### PROBLEM DETAILS
Would you please transcribe, exactly as written, the lines of the entries below starting at the one that holds "(forall w, Q w -> exists2 w', P w' &" and ending at the one that holds "exists (Num.sqrt (\sum_(h <- Rl) sqnorm (v h", both included?
• • •
Lemma measurable_orbit_diam_lt n (e : R) : 0 < e ->
  measurable [set t : d.-tuple B | orbit_diam T n t < e].
Proof.
move=> e0; have -> : [set t : d.-tuple B | orbit_diam T n t < e] =
    \bigcap_(i in [set: 'I_d]) \bigcap_(j in [set: 'I_d])
      [set t | mdist (iter n T (tnth t i)) (iter n T (tnth t j)) < e].
  apply/seteqP; split => t /=.
    by move/(orbit_diam_ltP T n t e0) => lt_e i _ j _; exact: lt_e.
  by move=> lt_e; apply/(orbit_diam_ltP T n t e0) => i j; exact: lt_e.
apply: fin_bigcap_measurable => [|i _]; first exact: finite_finset.
apply: fin_bigcap_measurable => [|j _]; first exact: finite_finset.
by apply: (measurable_mdist_lt x0 cX (f := fun t : d.-tuple B => iter n T (tnth t i))
  (g := fun t => iter n T (tnth t j))) => c r; exact: measurable_iter_tnth_mdist_lt.
Qed.

Lemma measurable_last_wide_at m k :
  measurable (last_wide_at T (m.+1%:R^-1) k : set (d.-tuple B)).
Proof.
have e0 := natSinv_gt0 R m; apply: measurableI.
  by apply: measurableC; exact: measurable_orbit_diam_lt.
by apply: bigcap_measurableType => n _; exact: measurable_orbit_diam_lt.
Qed.

End orbit_diameter_measurable.

Theorem mainTheorem7 (R : realType) (X : metricType R) (T : X -> X) (d : nat)
  (hX : compact [set: X]) (hT : continuous T) (hd : (2 <= d)%N) (x0 : X)
  (lam : probability (Borel X x0) R)
  (hnonatomic : forall x : X, lam [set x] = 0%E)
  (lamd : {measure set (d.-tuple (Borel X x0)) -> \bar R})
  (hprod : forall A : 'I_d -> set (Borel X x0), (forall i, measurable (A i)) ->
      lamd [set t | forall i, A i (tnth t i)] = (\prod_(i < d) lam (A i))%E)
  (hcons : conservative lamd (@prodmap (Borel X x0) d T)) :
  {ae lamd, forall t : d.-tuple (Borel X x0), ~ @asymptotic R X T d t}.
Proof.
have mW m k : measurable (last_wide_at T (m.+1%:R^-1) k : set (d.-tuple (Borel X x0))).
  exact: measurable_last_wide_at.
have wide_null m k : lamd.-negligible (last_wide_at T (m.+1%:R^-1) k).
  apply/negligibleP => //; apply: (conservative_wandering_null hcons (mW m k)) => n.
  exact: last_wide_at_wandering.
have : lamd.-negligible
    (@diagonal (Borel X x0) d `|` \bigcup_m \bigcup_k last_wide_at T (m.+1%:R^-1) k).
  apply: negligibleU; first by have := diagonal_negligible hnonatomic hX hd hprod.
  by apply: negligible_bigcup => m; apply: negligible_bigcup => k; exact: wide_null.
apply: negligibleS => t /= /contrapT asym; have [diag|offdiag] := pselect (diagonal t).
  by left.
have [m [k wide]] := asymptotic_offdiagonal_last_wide asym offdiag.
by right; exists m => //; exists k.
Qed.
Lemma sqrt_mean_sqr_le (I : Type) (s : seq I) (c k : R) (a b : I -> R) :
  0 <= c -> 0 <= k -> (forall i, 0 <= a i) -> (forall i, a i <= k * b i) ->
  Num.sqrt (c * \sum_(i <- s) a i ^+ 2) <= k * Num.sqrt (c * \sum_(i <- s) b i ^+ 2).
Proof.
move=> c_ge0 k_ge0 a_ge0 le_ab.
have sum_sqr_ge0 (f : I -> R) : 0 <= \sum_(i <- s) f i ^+ 2.
  by apply: sumr_ge0 => i _; exact: sqr_ge0.
rewrite -(ger0_norm k_ge0) -sqrtr_sqr -sqrtrM ?sqr_ge0 //.
rewrite ler_sqrt; last by rewrite !mulr_ge0 ?sqr_ge0.
rewrite mulrCA ler_wpM2l // mulr_sumr; apply: ler_sum => i _.
by rewrite -exprMn ler_pXn2r ?nnegrE // (le_trans (a_ge0 i)).
Qed.

End RealFacts.

Section SquaredNorm.
Variables (R : realType) (n : nat).
Implicit Types x y : 'cV[R]_n.

Lemma sqnormE x : sqnorm x = (x^T *m x) 0 0.
Proof. by rewrite /sqnorm !mxE; apply: eq_bigr => i _; rewrite !mxE expr2. Qed.

Lemma sqnorm_ge0 x : 0 <= sqnorm x.
Proof. by apply: sumr_ge0 => i _; exact: sqr_ge0. Qed.

Lemma sqnorm_trmx_orthogonal (Q : 'M[R]_n) x :
  Defs.orthogonal Q -> sqnorm (Q^T *m x) = sqnorm x.
Proof.
move=> /mulmx1C QQT; rewrite !sqnormE trmx_mul trmxK.
by rewrite -mulmxA (mulmxA Q) QQT mul1mx.
Qed.

Lemma sqnormB_le x y : sqnorm (x - y) <= 2 * sqnorm x + 2 * sqnorm y.
Proof.
rewrite /sqnorm !mulr_sumr -big_split /=; apply: ler_sum => i _.
rewrite !mxE -subr_ge0.
have -> : 2 * x i 0 ^+ 2 + 2 * y i 0 ^+ 2 - (x i 0 - y i 0) ^+ 2 = (x i 0 + y i 0) ^+ 2.
  by ring.
exact: sqr_ge0.
Qed.

End SquaredNorm.

Arguments sqnorm_trmx_orthogonal {R n Q}.

Section Distance.
Variables (R : realType) (d : nat) (Rl : seq (Eucl R d)).
Implicit Types (v w : Eucl R d -> 'cV[R]_d) (P Q : (Eucl R d -> 'cV[R]_d) -> Prop).

Lemma distR_ge0 v P : 0 <= distR Rl v P.
Proof.
rewrite /distR; set E := (X in inf X).
have [[r Er]|E0] := boolp.pselect (E !=set0).
  by apply: lb_le_inf => [|_ [w _ ->]]; [exists r | exact: sqrtr_ge0].
rewrite (_ : E = set0) ?inf0 //; apply/seteqP; split=> // r Er.
by apply: E0; exists r.
Qed.

Lemma distR_le_mul v P v' Q (k : R) : 0 < k -> (exists w, Q w) ->
  (forall w, Q w -> exists2 w', P w' &
     \sum_(h <- Rl) sqnorm (v h - w' h) <= k ^+ 2 * \sum_(h <- Rl) sqnorm (v' h - w h)) ->
  distR Rl v P <= k * distR Rl v' Q.
Proof.
move=> k_gt0 [w0 Qw0] PQ; apply: inf_le_mul_inf => //.
- by exists (Num.sqrt (\sum_(h <- Rl) sqnorm (v' h - w0 h))), w0.
- by move=> _ [w _ ->]; exact: sqrtr_ge0.
move=> _ [w /PQ [w' Pw' le_w'w] ->].
exists (Num.sqrt (\sum_(h <- Rl) sqnorm (v h - w' h))); first by exists w'.
rewrite -(gtr0_norm k_gt0) -sqrtr_sqr -sqrtrM ?sqr_ge0 // ler_sqrt //.
by rewrite mulr_ge0 ?sqr_ge0 // sumr_ge0 // => h _; exact: sqnorm_ge0.
Qed.

End Distance.

Lemma emulg1 (R : realType) n (g : Eucl R n) : emul g (eid R n) = g.
Proof. by case: g => A b; rewrite /emul /= mulmx1 mulmx0 addr0. Qed.

Section LocalSpaces.
Variables (R : realType) (d1 d2 : nat) (x0 : 'cV[R]_(d1 + d2)).
Variable Rl : seq (Eucl R (d1 + d2)).
Hypothesis Rl_orthogonal : forall h, h \in Rl -> Defs.orthogonal (Defs.rot h).

Local Notation d := (d1 + d2).

Lemma skew0_0 : skew0 (0 : 'M[R]_d).
Proof.
split; first by rewrite trmx0 oppr0.
by apply/matrixP => i j; rewrite !mxE.
Qed.

Lemma Urot0_0 : Urot0 x0 Rl (fun _ => 0).
Proof. by exists 0 => [|g _]; rewrite ?mulmx0 ?mul0mx //; exact: skew0_0. Qed.

Lemma Utrans_rotT (a : 'cV[R]_d) : Utrans Rl (fun h => (Defs.rot h)^T *m a).
Proof. by exists a => h /Rl_orthogonal /mulmx1C hh; rewrite mulmxA hh mul1mx. Qed.

Lemma Uiso0_rotT_add (a : 'cV[R]_d) w :
  Urot0 x0 Rl w -> Uiso0 x0 Rl (fun h => (Defs.rot h)^T *m a + w h).
Proof. by move=> w_rot; exists (fun h => (Defs.rot h)^T *m a), w; split => //; exact: Utrans_rotT. Qed.

Lemma Urot0_id w : eid R d \in Rl -> Urot0 x0 Rl w -> w (eid R d) = 0.
Proof.
move=> idR [M _ wM]; rewrite -[LHS]mul1mx.
by rewrite -[1%:M]/(Defs.rot (eid R d)) wM // /act mul1mx addr0 subrr mulmx0.
Qed.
• • •
### REPLY
  (forall w, Q w -> exists2 w', P w' &
     \sum_(h <- Rl) sqnorm (v h - w' h) <= k ^+ 2 * \sum_(h <- Rl) sqnorm (v' h - w h)) ->
  distR Rl v P <= k * distR Rl v' Q.
Proof.
move=> k_gt0 [w0 Qw0] PQ; apply: inf_le_mul_inf => //.
- by exists (Num.sqrt (\sum_(h <- Rl) sqnorm (v' h - w0 h))), w0.
- by move=> _ [w _ ->]; exact: sqrtr_ge0.
move=> _ [w /PQ [w' Pw' le_w'w] ->].
exists (Num.sqrt (\sum_(h <- Rl) sqnorm (v h - w' h))); first by exists w'.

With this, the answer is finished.